2015年4月27日月曜日

「魚は夢を見ているか」鈴木克美 丸善ライブラリー

☆☆☆

魚は野良猫の悪夢を見るか?

日本人は世界一魚を食べるのに、河川や海の環境、魚の生態についてはあまり関心を示してこなかったですね。現代でも一部の釣り人のマナーの悪さは環境と生態系を破壊していると言ってもいいくらいだし。

この本は魚の世界に興味を抱いてもらうために書かれています。蘊蓄本と違うところは
なぜそうなるのか?という説明をしているところ。50話の魚についてのトピックスが語られていますが、個人的には数を半分にしてもっと詳しく説明したほうがインパクトがあったように思う。

以下、わたしが興味を引かれたところ。
トビウオが翼(胸びれ、腹びれ)を広げたときの揚力と抵抗の最大比は、約二五もあり、
イヌワシ(!)よりも効率がいい。

魚の舌はものの味を知るのに役立っていないらしい。魚の味蕾は、口の周囲、ひげなどのほか、ひれや皮膚のあちこちに分布している(皮膚味蕾)。

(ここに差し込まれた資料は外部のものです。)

Definition weighted_basis (c : seqZ) : Prop :=
  exists q, c = (fun p => RtoC (basis_weight q) * e q p)%C.

Lemma basis_weight_ge0 (q : Z) : 0 <= basis_weight q.
Proof. apply Rmult_le_pos; [apply sqrt_pos | apply Rlt_le, wt_gt0]. Qed.

Lemma weighted_basis_bounded : (forall p, 0 <= a p) -> S_bounded weighted_basis.
Proof.
  intros Ha k. destruct (a_rapid (2 * k + 2)%nat) as [M HM]. exists (sqrt M).
  intros c [q ->] p. rewrite Cmod_mult, Cmod_R, Rabs_pos_eq by apply basis_weight_ge0.
  destruct (Z.eq_dec p q) as [->|Hpq].
  - rewrite e_same, Cmod_1, Rmult_1_r. unfold basis_weight.
    pose proof (wt_gt0 q). specialize (HM q). rewrite Rabs_pos_eq in HM by apply Ha.
    replace (wt q ^ k * (sqrt (a q) * wt q)) with (sqrt (wt q ^ (2 * k + 2) * a q)).
    + now apply sqrt_le_1_alt.
    + rewrite sqrt_mult by (apply pow_le || apply Ha; lra).
      replace (2 * k + 2)%nat with ((k + 1) * 2)%nat by lia.
      rewrite pow_mult, sqrt_pow2 by (apply pow_le; lra). rewrite pow_add. simpl. ring.
  - rewrite e_diff, Cmod_0 by auto. rewrite !Rmult_0_r. apply sqrt_pos.
Qed.

Lemma weighted_basis_seminorm (z : seqZ) (r : R) :
  (forall c, weighted_basis c -> Cmod (dpair z c) <= r) ->
  forall p, Cmod (z p) * basis_weight p <= r.
Proof.
  intros H p. specialize (H _ (ex_intro _ p eq_refl)).
  now rewrite dpair_scal_e, Cmod_mult, Cmod_R, Rabs_pos_eq in H by apply basis_weight_ge0.
Qed.

(* The seminorm of the bounded set [weighted_basis] controls |b p| * basis_weight p, and
   a p = basis_weight p ^ 2 / (1 + |p|) ^ 2. *)
Lemma diag_form_continuous : (forall p, 0 <= a p) -> strong_continuous (diag_form a).
Proof.
  intros Ha. exists weighted_basis, (4 * inv_sq_sum).
  split; [now apply weighted_basis_bounded|]. split; [pose proof inv_sq_sum_ge0; lra|].
  intros b b' r r' Hb Hb' Hr Hr'.
  unfold diag_form. replace (4 * inv_sq_sum * r * r') with (4 * (r * r') * inv_sq_sum) by ring.
  apply zsum_bound. intros p. unfold weighted_product.
  rewrite !Cmod_mult, Cmod_conj, Cmod_R, Rabs_pos_eq by apply Ha.
  pose proof (weighted_basis_seminorm b r Hr p). pose proof (weighted_basis_seminorm b' r' Hr' p).
  pose proof (basis_weight_ge0 p). pose proof (wt_gt0 p).
  assert (Hap : a p = basis_weight p * basis_weight p / wt p ^ 2).
  { unfold basis_weight. replace (sqrt (a p) * wt p * (sqrt (a p) * wt p))
      with (sqrt (a p) * sqrt (a p) * (wt p * wt p)) by ring.
    rewrite sqrt_sqrt by apply Ha. field. lra. }
  rewrite Hap. unfold Rdiv.
  replace (Cmod (b p) * Cmod (b' p) * (basis_weight p * basis_weight p * / wt p ^ 2))
    with ((Cmod (b p) * basis_weight p) * (Cmod (b' p) * basis_weight p) * / wt p ^ 2) by ring.
  apply Rmult_le_compat_r; [apply Rlt_le, Rinv_0_lt_compat, wt_pow_gt0|].
  apply Rmult_le_compat; auto; apply Rmult_le_pos; auto; apply Cmod_ge_0.
Qed.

魚の子育ての主役は常に雄の役目。その理由は、最初に産卵があって次ぎに受精があるから。産卵が終わった雌はさっさとその場を離れ、雄と卵があとに取り残される。もちろん哺乳類はその逆ですね。

まだよくわからない疑問も提示してあります。

なぜオニオコゼがみにくくて、姿をかくすのもうまいのに、鋭いとげに毒まで仕込んでいるのか?
たしかにコスト面からは過剰。きっとオニオコゼは捕食者にとってものすごく美味でしかものろまな獲物だった。それでどんなに防御しても襲ってくるので、「しつこいな、お前」と思いながら護身がエスカレートしていき最終的に毒を持つに至ったのでは、と思う。

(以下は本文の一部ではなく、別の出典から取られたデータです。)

Lemma PSeries_lin (c1 c2 : R) (a b : nat -> R) (t : R) :
  ex_pseries a t -> ex_pseries b t ->
  PSeries (fun n => c1 * a n + c2 * b n)%R t = (c1 * PSeries a t + c2 * PSeries b t)%R.
Proof.
  intros Ha Hb.
  change (PSeries (PS_plus (PS_scal c1 a) (PS_scal c2 b)) t
          = (c1 * PSeries a t + c2 * PSeries b t)%R).
  rewrite PSeries_plus, !PSeries_scal by (apply ex_pseries_scal; auto using Rmult_comm).
  reflexivity.
Qed.

Lemma PSeries_coef_eq_0 (a : nat -> R) (r : R) :
  (0 < r)%R -> Rbar_le r (CV_radius a) ->
  (forall t, (Rabs t < r)%R -> PSeries a t = 0%R) -> forall n, a n = 0%R.
Proof.
  intros Hr Ha Ha0 n.
  apply (PSeries_ext_recip a (fun _ => 0%R)).
  - apply (Rbar_lt_le_trans _ r); assumption.
  - rewrite CV_radius_const_0. easy.
  - apply (filter_imp _ _ (fun t Ht => eq_trans (Ha0 t Ht) (eq_sym (PSeries_const_0 t)))).
    apply locally_Rabs_lt. rewrite Rabs_R0. exact Hr.
Qed.

(** * Complex power series at real points *)

Definition CPSeries (a : nat -> C) (t : R) : C :=
  (PSeries (fun n => fst (a n)) t, PSeries (fun n => snd (a n)) t).

Definition CPS_radius_ge (r : R) (a : nat -> C) : Prop :=
  Rbar_le r (CV_radius (fun n => fst (a n))) /\
  Rbar_le r (CV_radius (fun n => snd (a n))).

Definition CPS_lin (x : C) (a : nat -> C) (y : C) (b : nat -> C) : nat -> C :=
  fun n => x * a n + y * b n.

Definition CPS_derive (a : nat -> C) : nat -> C := fun n => INR (S n) * a (S n).

Definition CPS_incr_1 (a : nat -> C) : nat -> C :=
  fun n => match n with O => 0 | S k => a k end.

(* Shaped so that CV_radius_lin and PSeries_lin apply twice. *)
Lemma CPS_lin_components (x y : C) (a b : nat -> C) (n : nat) :
  fst (CPS_lin x a y b n) =
    (1 * (fst x * fst (a n) + - snd x * snd (a n))
     + 1 * (fst y * fst (b n) + - snd y * snd (b n)))%R /\
  snd (CPS_lin x a y b n) =
    (1 * (fst x * snd (a n) + snd x * fst (a n))
     + 1 * (fst y * snd (b n) + snd y * fst (b n)))%R.
Proof. unfold CPS_lin; simpl; split; ring. Qed.

Lemma CPS_radius_ge_lin (r : R) (x y : C) (a b : nat -> C) :
  CPS_radius_ge r a -> CPS_radius_ge r b -> CPS_radius_ge r (CPS_lin x a y b).
Proof.
  intros [Ha1 Ha2] [Hb1 Hb2]; split.
  - rewrite (CV_radius_ext _ _ (fun n => proj1 (CPS_lin_components x y a b n))).
    apply CV_radius_lin; apply CV_radius_lin; assumption.
  - rewrite (CV_radius_ext _ _ (fun n => proj2 (CPS_lin_components x y a b n))).
    apply CV_radius_lin; apply CV_radius_lin; assumption.
Qed.

Lemma CPS_radius_ge_derive (r : R) (a : nat -> C) :
  CPS_radius_ge r a -> CPS_radius_ge r (CPS_derive a).
Proof.
  intros [H1 H2]; split.
  - rewrite (CV_radius_ext _ (PS_derive (fun n => fst (a n)))), CV_radius_derive by
      (intros n; unfold CPS_derive, PS_derive; simpl; ring).
    exact H1.
  - rewrite (CV_radius_ext _ (PS_derive (fun n => snd (a n)))), CV_radius_derive by
      (intros n; unfold CPS_derive, PS_derive; simpl; ring).
    exact H2.
Qed.

Lemma CPS_radius_ge_incr_1 (r : R) (a : nat -> C) :
  CPS_radius_ge r a -> CPS_radius_ge r (CPS_incr_1 a).
Proof.
  intros [H1 H2]; split.
  - rewrite (CV_radius_ext _ (PS_incr_1 (fun n => fst (a n)))), CV_radius_incr_1 by
      (intros [|n]; reflexivity).
    exact H1.
  - rewrite (CV_radius_ext _ (PS_incr_1 (fun n => snd (a n)))), CV_radius_incr_1 by
      (intros [|n]; reflexivity).
    exact H2.
Qed.

Lemma CPS_radius_ge_of_Cmod_le_1 (r : R) (a : nat -> C) :
  (0 <= r <= 1)%R -> (forall n, Cmod (a n) <= 1)%R -> CPS_radius_ge r a.
Proof.
  intros Hr Ha.
  split; apply CV_radius_ge_of_abs_le_1; try exact Hr; intros n;
    pose proof (Rmax_Cmod (a n)); pose proof (Ha n);
    pose proof (Rmax_l (Rabs (fst (a n))) (Rabs (snd (a n))));
    pose proof (Rmax_r (Rabs (fst (a n))) (Rabs (snd (a n)))); lra.
Qed.

Lemma CPS_radius_ge_inside (r t : R) (a : nat -> C) :
  CPS_radius_ge r a -> (Rabs t < r)%R ->
  ex_pseries (fun n => fst (a n)) t /\ ex_pseries (fun n => snd (a n)) t.
Proof.
  intros [H1 H2] Ht; split; apply CV_radius_inside;
    apply (Rbar_lt_le_trans _ r); assumption.
Qed.

Lemma CPSeries_lin (r t : R) (x y : C) (a b : nat -> C) :
  CPS_radius_ge r a -> CPS_radius_ge r b -> (Rabs t < r)%R ->
  CPSeries (CPS_lin x a y b) t = x * CPSeries a t + y * CPSeries b t.
Proof.
  intros Ha Hb Ht.
  destruct (CPS_radius_ge_inside r t a Ha Ht) as [Ha1 Ha2].
  destruct (CPS_radius_ge_inside r t b Hb Ht) as [Hb1 Hb2].
  unfold CPSeries.
  rewrite (PSeries_ext _ _ t (fun n => proj1 (CPS_lin_components x y a b n))),
    (PSeries_ext _ _ t (fun n => proj2 (CPS_lin_components x y a b n))).
  rewrite !PSeries_lin by auto using ex_pseries_lin.
  apply injective_projections; simpl; ring.
Qed.

Lemma CPSeries_incr_1 (a : nat -> C) (t : R) :
  CPSeries (CPS_incr_1 a) t = t * CPSeries a t.
Proof.
  unfold CPSeries; apply injective_projections; simpl.
  - rewrite (PSeries_ext _ (PS_incr_1 (fun n => fst (a n)))), PSeries_incr_1 by
      (intros [|n]; reflexivity).
    ring.
  - rewrite (PSeries_ext _ (PS_incr_1 (fun n => snd (a n)))), PSeries_incr_1 by
      (intros [|n]; reflexivity).
    ring.
Qed.

Lemma CPSeries_0 (a : nat -> C) : CPSeries a 0 = a O.
Proof. unfold CPSeries. rewrite !PSeries_0. destruct (a O); reflexivity. Qed.

Lemma CPSeries_eq_0 (a : nat -> C) (t : R) : (forall n, a n = 0) -> CPSeries a t = 0.
Proof.
  intros Ha. unfold CPSeries.
  rewrite (PSeries_ext _ (fun _ => 0%R)), (PSeries_ext (fun n => snd (a n)) (fun _ => 0%R)),
    PSeries_const_0 by (intros n; rewrite Ha; reflexivity).
  reflexivity.
Qed.

Lemma CPS_coef_eq_0 (r : R) (a : nat -> C) :
  (0 < r)%R -> CPS_radius_ge r a ->
  (forall t, (Rabs t < r)%R -> CPSeries a t = 0) -> forall n, a n = 0.
Proof.
  intros Hr [H1 H2] Ha n. apply injective_projections.
  - apply (PSeries_coef_eq_0 (fun n => fst (a n)) r Hr H1).
    intros t Ht. exact (f_equal fst (Ha t Ht)).
  - apply (PSeries_coef_eq_0 (fun n => snd (a n)) r Hr H2).
    intros t Ht. exact (f_equal snd (Ha t Ht)).
Qed.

魚の雌にとって産卵によるリスクはそう大きくないし、産卵しなければ子孫を残せないのに、例外はあるが雄の求愛に消極的で産卵を避けたがるのはなぜか?
さっぱり解りません。

なぜ、サンゴ礁の海に「多様性の高い生物群集」ができ上がったのか?
本書に幾つか答が書いてあります。

最後に魚は夢を見ているかの答えは、
眠っているかどうかもあいまいで、熟睡することもなさそうだから、多分夢は見ていないのではないか、だそうです。だろうね。

2007年6月30日追記

『魚の子育てと社会』桑村哲生 海鳴社 によると、魚類では雄が子育てをするものが多いが、一夫多妻などの場合、雌のみが子育てを行う例もあるそうです。一概に雄のみとは言えないようですね。